# What do you think of this John Piper sermon?



## Pergamum (Jul 12, 2009)

What Man Does in the New Birth :: Desiring God Christian Resource Library


Aside from the title possibly being what it is to draw people's attention, what do you think of this sermon. 

I had a man at my church charge Piper with unothodoxy due to demanding faith as a duty, and he stated that he would not step foot in Piper's church ever due to this sermon, which shows Piper to be in error.

What think ye?


----------



## Grillsy (Jul 12, 2009)

Joshua said:


> Tell him to see WLC 153 wherein it says that both repentance and faith are required of us. God has commanded that all men everywhere should repent (which requires faith). Faith is the empty instrument by which God justifies the Elect. Even the faith by which




You speak the truth.


----------



## Pergamum (Jul 12, 2009)

Does Piper deny this? Piper says that the ultimate actor is God.


----------



## ChristianHedonist (Jul 12, 2009)

2 Thessalonians 1:3-10 makes it pretty clear that faith is a duty:



> We ought always to give thanks to God for you, brothers, as is right, because your faith is growing abundantly, and the love of every one of you for one another is increasing. Therefore we ourselves boast about you in the churches of God for your steadfastness and faith in all your persecutions and in the afflictions that you are enduring. This is evidence of the righteous judgment of God, that you may be considered worthy of the kingdom of God, for which you are also suffering--since indeed God considers it just to repay with affliction those who afflict you, and to grant relief to you who are afflicted as well as to us, when the Lord Jesus is revealed from heaven with his mighty angels in flaming fire, *inflicting vengeance on those who do not know God and on those who do not obey the gospel of our Lord Jesus*. They will suffer the punishment of eternal destruction, away from the presence of the Lord and from the glory of his might, when he comes on that day to be glorified in his saints, and to be marveled at among all who have believed, because our testimony to you was believed.
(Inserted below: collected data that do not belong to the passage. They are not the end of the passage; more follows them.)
(* Let $n$, $k$, $t$ be positive integers with $k\geq t+1$ and $n\geq 2k$, and let $V$ be an $n$-dimensional vector space over $\mathbb{F}_q$. Suppose $\mathcal{F}\subseteq{V\brack k}$ is almost $t$-intersecting. If $A$ is a subspace of $V$ with $\dim(A)<\tau_t(\mathcal{F})\leq k$, then $$|\mathcal{F}_A|\leq{k-t+1\brack 1}^{\tau_t(\mathcal{F})-\dim(A)}{n-\tau_t(\mathcal{F})\brack k-\tau_t(\mathcal{F})}+\sum_{i=0}^{\tau_t(\mathcal{F})-\dim(A)-1}{k-t+1\brack 1}^{i}.$$
   Context: $q$ is a prime power; ${W\brack k}$ is the set of $k$-dimensional subspaces of $W$ and ${m\brack r}$ the Gaussian binomial coefficient $\prod_{i=0}^{r-1}\frac{q^{m-i}-1}{q^{r-i}-1}$ (equal to $1$ for $r=0$). A family $\mathcal{F}\subseteq{V\brack k}$ is almost $t$-intersecting if for each $F\in\mathcal{F}$ there is at most one $F'\in\mathcal{F}$ with $\dim(F\cap F')<t$. A subspace $W$ is a $t$-cover of $\mathcal{F}$ if $\dim(W\cap F)\geq t$ for all $F\in\mathcal{F}$; $\tau_t(\mathcal{F})$ is the minimum dimension of a $t$-cover of $\mathcal{F}$. $\mathcal{F}_A=\{F\in\mathcal{F}: A\subseteq F\}$. *)

From HB Require Import structures.
From mathcomp Require Import all_boot all_order all_algebra.
Set Implicit Arguments. Unset Strict Implicit. Unset Printing Implicit Defensive.
Import Order.TTheory GRing.Theory Num.Theory.

(* V = 'rV[K]_n for a finite field K with q = #|K|. *)

Import VectorInternalTheory.
Section Fin.
Variables (K : finFieldType) (n : nat).
HB.instance Definition _ := [Countable of {vspace 'rV[K]_n} by <:].
HB.instance Definition _ := [Finite of {vspace 'rV[K]_n} by <:].
End Fin.

Local Open Scope ring_scope.

(* Gaussian binomial coefficient [m brack r]_q, as a rational number:
   prod_{i<r} (q^(m-i) - 1) / (q^(r-i) - 1)   (= 1 for r = 0) *)
Definition gbin (q m r : nat) : rat :=
  \prod_(i < r) (((q ^ (m - i))%:R - 1) / ((q ^ (r - i))%:R - 1)).

Section Families.
Variables (K : finFieldType) (n : nat).
Local Notation V := 'rV[K]_n.

Definition k_uniform (Fam : {set {vspace V}}) (k : nat) : Prop :=
  forall F, F \in Fam -> \dim F = k.

Definition almost_t_intersecting (Fam : {set {vspace V}}) (t : nat) : Prop :=
  forall F, F \in Fam -> (#|[set F' in Fam | \dim (F :&: F')%VS < t]| <= 1)%N.

Definition t_cover (Fam : {set {vspace V}}) (t : nat) (W : {vspace V}) : bool :=
  [forall F in Fam, t <= \dim (W :&: F)%VS]%N.

(* tau_t(Fam): minimum dimension of a t-cover (n.+1 if there is none, which
   never happens when all members have dimension >= t, since fullv covers) *)
Definition tau (Fam : {set {vspace V}}) (t : nat) : nat :=
  \big[minn/n.+1]_(W : {vspace V} | t_cover Fam t W) \dim W.

Definition fam_A (Fam : {set {vspace V}}) (A : {vspace V}) : {set {vspace V}} :=
  [set F in Fam | (A <= F)%VS].

End Families.

From HB Require Import structures.
From mathcomp Require Import all_boot all_order all_algebra all_field zify ring.
Import Order.TTheory GRing.Theory Num.Theory.
Set Implicit Arguments. Unset Strict Implicit. Unset Printing Implicit Defensive.

(* Induction on tau_t(Fam) - dim A.  If dim A = tau_t(Fam), every member of Fam_A
   is a k-space containing A, and there are at most [n - tau brack k - tau] of them.
   Otherwise A is not a t-cover: some F in Fam has dim (A :&: F) < t, so F contains
   a (k - t + 1)-space S meeting A trivially.  Every G in Fam_A with
   dim (F :&: G) >= t meets S in a line P, since both live in the k-space F, hence
   G lies in Fam_(A + P); almost t-intersection leaves at most one other G.  So
   |Fam_A| <= 1 + [k - t + 1 brack 1] * max_P |Fam_(A + P)|, which unrolls to the
   bound.  The Gaussian bound on the subspaces between A and U comes from double
   counting the pairs (W, v) with v in W \ A. *)

Lemma sum_card_incidence (I T : finType) (X : {set I}) (R : I -> {pred T}) :
  \sum_(i in X) #|R i| = \sum_x #|[set i in X | x \in R i]|.
Proof.
under eq_bigr do rewrite -sum1_card.
rewrite (exchange_big_dep predT) //=; apply: eq_bigr => x _.
by rewrite -sum1_card; apply: eq_bigl => i; rewrite inE.
Qed.

Lemma card_bigcup_le (I T : finType) (L : {set I}) (Y : I -> {set T}) :
  #|\bigcup_(i in L) Y i| <= \sum_(i in L) #|Y i|.
Proof.
elim/big_rec2: _ => [|i B s _ IH]; first by rewrite cards0.
by rewrite (leq_trans (leq_card_setU _ _).1) ?leq_add2l.
Qed.

Section GaussianBinomial.
Local Open Scope ring_scope.

Lemma gbin_ge0 q m r : (0 < q)%N -> 0 <= gbin q m r.
Proof.
move=> q_gt0; apply: prodr_ge0 => i _.
by apply: divr_ge0; rewrite subr_ge0 ler1n expn_gt0 q_gt0.
Qed.

Lemma gbinS q m d :
  gbin q m d.+1 = ((q ^ m)%:R - 1) / ((q ^ d.+1)%:R - 1) * gbin q m.-1 d.
Proof.
rewrite /gbin big_ord_recl !subn0; congr (_ * _); apply: eq_bigr => i _.
by rewrite /= subSS /bump add1n subnS predn_sub.
Qed.

Lemma natrB_expn (R : pzRingType) q a x : (a <= x)%N ->
  (q ^ x)%:R - (q ^ a)%:R = (q ^ a)%:R * ((q ^ (x - a))%:R - 1) :> R.
Proof. by move=> le_ax; rewrite -{1}(subnKC le_ax) expnD natrM mulrBr mulr1. Qed.

End GaussianBinomial.

Section Subspaces.
Variables (K : finFieldType) (n : nat).
Local Notation V := 'rV[K]_n.
Local Notation q := #|K|.

Definition subspaces_between (A U : {vspace V}) d : {set {vspace V}} :=
  [set W : {vspace V} | [&& (A <= W)%VS, (W <= U)%VS & \dim W == \dim A + d]].

Lemma card_vdiff (A W : {vspace V}) :
  (A <= W)%VS -> #|[predD W & A]| = q ^ \dim W - q ^ \dim A.
Proof.
move=> sAW; rewrite -!card_vspace -(cardID A W).
have -> : #|[predI W & A]| = #|A|.
  by apply: eq_card => v; rewrite !inE andb_idl // => /(subvP sAW).
by rewrite addKn.
Qed.

Lemma dim_addv_line (A : {vspace V}) v :
  v \notin A -> \dim (A + <[v]>) = (\dim A).+1.
Proof.
move=> vA; apply/eqP; rewrite eqn_leq; apply/andP; split.
  rewrite -[(\dim A).+1]addn1 (leq_trans (dimv_add_leqif _ _).1) //.
  by rewrite leq_add2l dim_vline leq_b1.
by rewrite (ltn_leqif (dimv_leqif_sup (addvSl _ _))) subv_add subvv -memvE.
Qed.

Lemma subspaces_between_line (A U : {vspace V}) d v : v \notin A ->
  [set W in subspaces_between A U d.+1 | v \in W] = subspaces_between (A + <[v]>) U d.
Proof.
move=> vA; apply/setP => W; rewrite !inE dim_addv_line // subv_add -memvE addSnnS.
by case: (v \in W); rewrite ?andbT ?andbF.
Qed.

Lemma card_subspaces_betweenS (A U : {vspace V}) d : (A <= U)%VS ->
  #|subspaces_between A U d.+1| * (q ^ (\dim A + d.+1) - q ^ \dim A) =
  \sum_(v in [predD U & A]) #|subspaces_between (A + <[v]>) U d|.
Proof.
move=> sAU; set X := subspaces_between A U d.+1.
transitivity (\sum_(W in X) #|[predD W & A]|).
  rewrite -sum_nat_const; apply: eq_bigr => W.
  by rewrite inE => /and3P[sAW _ /eqP <-]; rewrite card_vdiff.
rewrite sum_card_incidence (bigID [predD U & A]) /= addnC big1 => [|v vUA].
  rewrite add0n; apply: eq_bigr => v /andP[vA _].
  rewrite -(subspaces_between_line U d vA); apply: eq_card => W.
  by rewrite !inE unfold_in /= vA.
apply/eqP; rewrite cards_eq0; apply/eqP/setP => W; rewrite !inE unfold_in /=.
apply: contraNF vUA => /and3P[/and3P[_ sWU _] -> vW] /=; exact: subvP sWU _ vW.
Qed.

Lemma card_subspaces_between_le (A U : {vspace V}) d :
  (#|subspaces_between A U d|%:R <= gbin q (\dim U - \dim A) d :> rat)%R.
Proof.
have q_gt1 : (1 < q)%N := card_finNzRing_gt1 K.
elim: d A => [|d IH] A.
  rewrite /gbin big_ord0 lern1 -(cards1 A); apply: subset_leq_card; apply/subsetP => W.
  by rewrite !inE addn0 => /and3P[sAW _ /eqP dW]; rewrite eq_sym eqEdim sAW dW leqnn.
have [sAU|nsAU] := boolP (A <= U)%VS; last first.
  rewrite (_ : subspaces_between _ _ _ = set0) ?cards0 ?gbin_ge0 ?(ltnW q_gt1) //.
  apply/setP => W; rewrite !inE; apply: contraNF nsAU => /and3P[sAW sWU _].
  exact: subv_trans sWU.
set a := \dim A; set m := \dim U; have le_am : (a <= m)%N := dimvS sAU.
have IH_line (v : V) : v \in [predD U & A] ->
    (#|subspaces_between (A + <[v]>) U d|%:R <= gbin q (m - a).-1 d :> rat)%R.
  by rewrite inE => /andP[vA _]; rewrite -subnS -(dim_addv_line vA) IH.
have double_count : (#|subspaces_between A U d.+1|%:R * ((q ^ (a + d.+1))%:R - (q ^ a)%:R)
    <= ((q ^ m)%:R - (q ^ a)%:R) * gbin q (m - a).-1 d :> rat)%R.
  rewrite -!natrB ?leq_exp2l ?leq_addr // -natrM card_subspaces_betweenS // natr_sum.
  by rewrite (le_trans (ler_sum _ IH_line)) // sumr_const card_vdiff // mulr_natl.
have qa_gt0 : (0 < (q ^ a)%:R :> rat)%R by rewrite ltr0n expn_gt0 (ltnW q_gt1).
rewrite !natrB_expn ?leq_addr // addKn in double_count.
rewrite gbinS mulrAC ler_pdivlMr ?subr_gt0 ?ltr1n ?(ltn_exp2l 0) //.
by rewrite -(ler_pM2l qa_gt0) mulrCA [X in (_ <= X)%R]mulrA; exact: double_count.
Qed.

Lemma exists_subv_dim (C : {vspace V}) j :
  j <= \dim C -> exists2 S : {vspace V}, (S <= C)%VS & \dim S = j.
Proof.
move=> le_jC; exists <<take j (vbasis C)>>%VS.
  by apply/span_subvP => v /mem_take /vbasis_mem.
have /catl_free : free (take j (vbasis C) ++ drop j (vbasis C)).
  by rewrite cat_take_drop (basis_free (vbasisP C)).
by move/eqP ->; rewrite size_takel // size_tuple.
Qed.

Lemma dim_capv_gt0 (F G S : {vspace V}) :
  (S <= F)%VS -> \dim F < \dim (F :&: G) + \dim S -> 0 < \dim (S :&: G).
Proof.
move=> sSF lt_F; rewrite -(dimv_sum_cap (F :&: G) S) in lt_F.
have : \dim (F :&: G + S) <= \dim F by apply/dimvS; rewrite subv_add capvSl.
have : \dim (F :&: G :&: S) <= \dim (S :&: G) by apply/dimvS; rewrite capvC capvS ?capvSr.
lia.
Qed.

End Subspaces.

Section Families.
Variables (K : finFieldType) (n k t : nat) (Fam : {set {vspace 'rV[K]_n}}).
Hypotheses (Fam_uniform : k_uniform Fam k) (Fam_almost : almost_t_intersecting Fam t).
Local Notation V := 'rV[K]_n.
Local Notation lines S := (subspaces_between 0%VS S 1).
Local Notation lines_q := (gbin #|K| (k - t + 1) 1).

Lemma tau_le_dim_cover (W : {vspace V}) : t_cover Fam t W -> tau Fam t <= \dim W.
Proof.
by move=> covW; have := bigmin_le_cond n.+1 (fun W => \dim W) covW; rewrite minEnat.
Qed.

Lemma exists_cap_lt_tau (A : {vspace V}) :
  \dim A < tau Fam t -> exists2 F, F \in Fam & \dim (A :&: F) < t.
Proof.
move=> lt_A_tau; have : ~~ t_cover Fam t A.
  by apply: contraTN lt_A_tau => /tau_le_dim_cover; rewrite leqNgt.
by case/forallPn => F; rewrite negb_imply -ltnNge => /andP[]; exists F.
Qed.

Lemma famA_sub_cover (A F S : {vspace V}) :
    F \in Fam -> (S <= F)%VS -> \dim S = k - t + 1 ->
  fam_A Fam A \subset
    [set G in Fam | \dim (F :&: G) < t] :|: \bigcup_(P in lines S) fam_A Fam (A + P).
Proof.
move=> FFam sSF dS; apply/subsetP => G; rewrite !inE => /andP[GFam sAG].
rewrite GFam /=; case: ltnP => //= le_t_FG.
have le_FG_k : \dim (F :&: G) <= k by rewrite -(Fam_uniform FFam) dimvS ?capvSl.
have [|P sP_SG dP] := @exists_subv_dim _ _ (S :&: G) 1.
  by apply: dim_capv_gt0 sSF _; rewrite Fam_uniform // dS; lia.
apply/bigcupP; exists P; rewrite !inE.
  by rewrite sub0v dimv0 dP (subv_trans sP_SG (capvSl _ _)).
by rewrite GFam subv_add sAG (subv_trans sP_SG (capvSr _ _)).
Qed.

Lemma card_famA_branch (A : {vspace V}) : t <= k -> \dim A < tau Fam t ->
  exists S : {vspace V}, [/\ (A :&: S = 0)%VS, \dim S = k - t + 1 &
    #|fam_A Fam A| <= 1 + \sum_(P in lines S) #|fam_A Fam (A + P)|].
Proof.
move=> le_t_k /exists_cap_lt_tau[F FFam lt_AF_t].
have : k - t + 1 <= \dim (F :\: A).
  by have := dimv_cap_compl F A; rewrite (capvC F A) (Fam_uniform FFam); lia.
case/exists_subv_dim => S sSC dS; exists S; split => //.
  by apply/eqP; rewrite -subv0 -(capv_diff F A) capvC capvS.
rewrite (leq_trans (subset_leq_card (famA_sub_cover A FFam _ dS))) //.
  exact: subv_trans sSC (diffvSl F A).
apply: leq_trans (leq_card_setU _ _).1 _.
exact: leq_add (Fam_almost FFam) (card_bigcup_le _ _).
Qed.

Lemma card_famA_le d (A : {vspace V}) :
    t <= k -> k <= n -> tau Fam t <= k -> \dim A + d = tau Fam t ->
  (#|fam_A Fam A|%:R <=
    lines_q ^+ d * gbin #|K| (n - tau Fam t) (k - tau Fam t)
    + \sum_(i < d) lines_q ^+ i :> rat)%R.
Proof.
move=> le_t_k le_k_n le_tau_k; elim: d A => [|d IH] A dA.
  rewrite expr0 mul1r big_ord0 addr0; rewrite addn0 in dA.
  have := card_subspaces_between_le A fullv (k - tau Fam t).
  rewrite dimvf dim_matrix mul1r dA; apply: le_trans; rewrite ler_nat.
  apply: subset_leq_card; apply/subsetP => F.
  by rewrite !inE => /andP[FFam ->]; rewrite subvf (Fam_uniform FFam) dA subnKC /=.
set c := lines_q; set N := gbin #|K| (n - tau Fam t) (k - tau Fam t).
set B := (c ^+ d * N + \sum_(i < d) c ^+ i)%R in IH.
have lt_A_tau : \dim A < tau Fam t by rewrite -dA addnS leq_addr.
have [S [SA0 dS card_le]] := card_famA_branch le_t_k lt_A_tau.
have IH_lines P : P \in lines S -> (#|fam_A Fam (A + P)|%:R <= B :> rat)%R.
  rewrite inE dimv0 add0n => /and3P[_ sPS /eqP dP]; apply: IH.
  rewrite -dA dimv_disjoint_sum ?dP ?addn1 ?addSnnS //.
  by apply/eqP; rewrite -subv0 -SA0 capvS.
have B_ge0 : (0 <= B)%R.
  have q_gt0 : (0 < #|K|)%N by rewrite ltnW ?card_finNzRing_gt1.
  by rewrite addr_ge0 ?mulr_ge0 ?sumr_ge0 // => *; rewrite ?exprn_ge0 ?gbin_ge0.
have lines_le : (#|lines S|%:R <= c :> rat)%R.
  by have := card_subspaces_between_le 0%VS S 1; rewrite dS dimv0 subn0.
have -> : (c ^+ d.+1 * N + \sum_(i < d.+1) c ^+ i = 1 + c * B)%R.
  rewrite /B big_ord_recl mulrDr mulr_sumr exprS; under eq_bigr do rewrite exprS.
  ring.
rewrite -(ler_nat rat) natrD natr_sum in card_le; apply: le_trans card_le _.
rewrite lerD2l (le_trans (ler_sum _ IH_lines)) // sumr_const -mulr_natl.
exact: ler_wpM2r.
Qed.

End Families.

Local Open Scope ring_scope.

Theorem corollary3p4 (K : finFieldType) (n k t : nat)
    (Fam : {set {vspace 'rV[K]_n}}) (A : {vspace 'rV[K]_n}) :
  (0 < t)%N -> (t.+1 <= k)%N -> (2 * k <= n)%N ->
  k_uniform Fam k ->
  almost_t_intersecting Fam t ->
  (\dim A < tau Fam t)%N -> (tau Fam t <= k)%N ->
  (#|fam_A Fam A|)%:R <=
    gbin #|K| (k - t + 1) 1 ^+ (tau Fam t - \dim A)
      * gbin #|K| (n - tau Fam t) (k - tau Fam t)
    + \sum_(i < tau Fam t - \dim A) gbin #|K| (k - t + 1) 1 ^+ i :> rat.
Proof.
(* [0 < t] already follows from [\dim A < tau Fam t]; of [2 * k <= n] only
   [k <= n] is used. *)
move=> _ lt_t_k le_2k_n uniform almost lt_A_tau le_tau_k.
have le_k_n : (k <= n)%N by lia.
apply: card_famA_le uniform almost _ _ (ltnW lt_t_k) le_k_n le_tau_k _.
exact: subnKC (ltnW lt_A_tau).
Qed.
I didn't notice any errors by Piper when skimming through the sermon. He is clear that it is God who begets faith in us.


----------



## Pergamum (Jul 12, 2009)

Yes, I guess this man was just put off by the (perhaps purposely) provocative title.


----------



## Jesus is my friend (Jul 13, 2009)

No problems here either,I Love Piper,God has used him massively in my life,do I agree with everything he teaches,no,of course not,he's a man also,however I will not be among the lot looking for ways to nail him rather than speaking the truth in love about him and looking for ways to correct and encourage as there is much to be thankful for


----------



## Jimmy the Greek (Jul 13, 2009)

I haven't listened to the sermon, but the man's objection to Piper's Sermon may be telling. The two fundamental errors of hyper Calvinism ar (1) a denial of duty-faith and (2) a resultant denial of the universal call of the gospel. 

Tom Nettles sees the essence of hyper-Calvinism as the denial of duty-faith. Cf. _By His Grace and for His Glory, A Historical, Theological, and Practical Study of the Doctrines of Grace in Baptist Life _(Grand Rapids: Baker Books, 1986), p. 391.


----------



## lynnie (Jul 13, 2009)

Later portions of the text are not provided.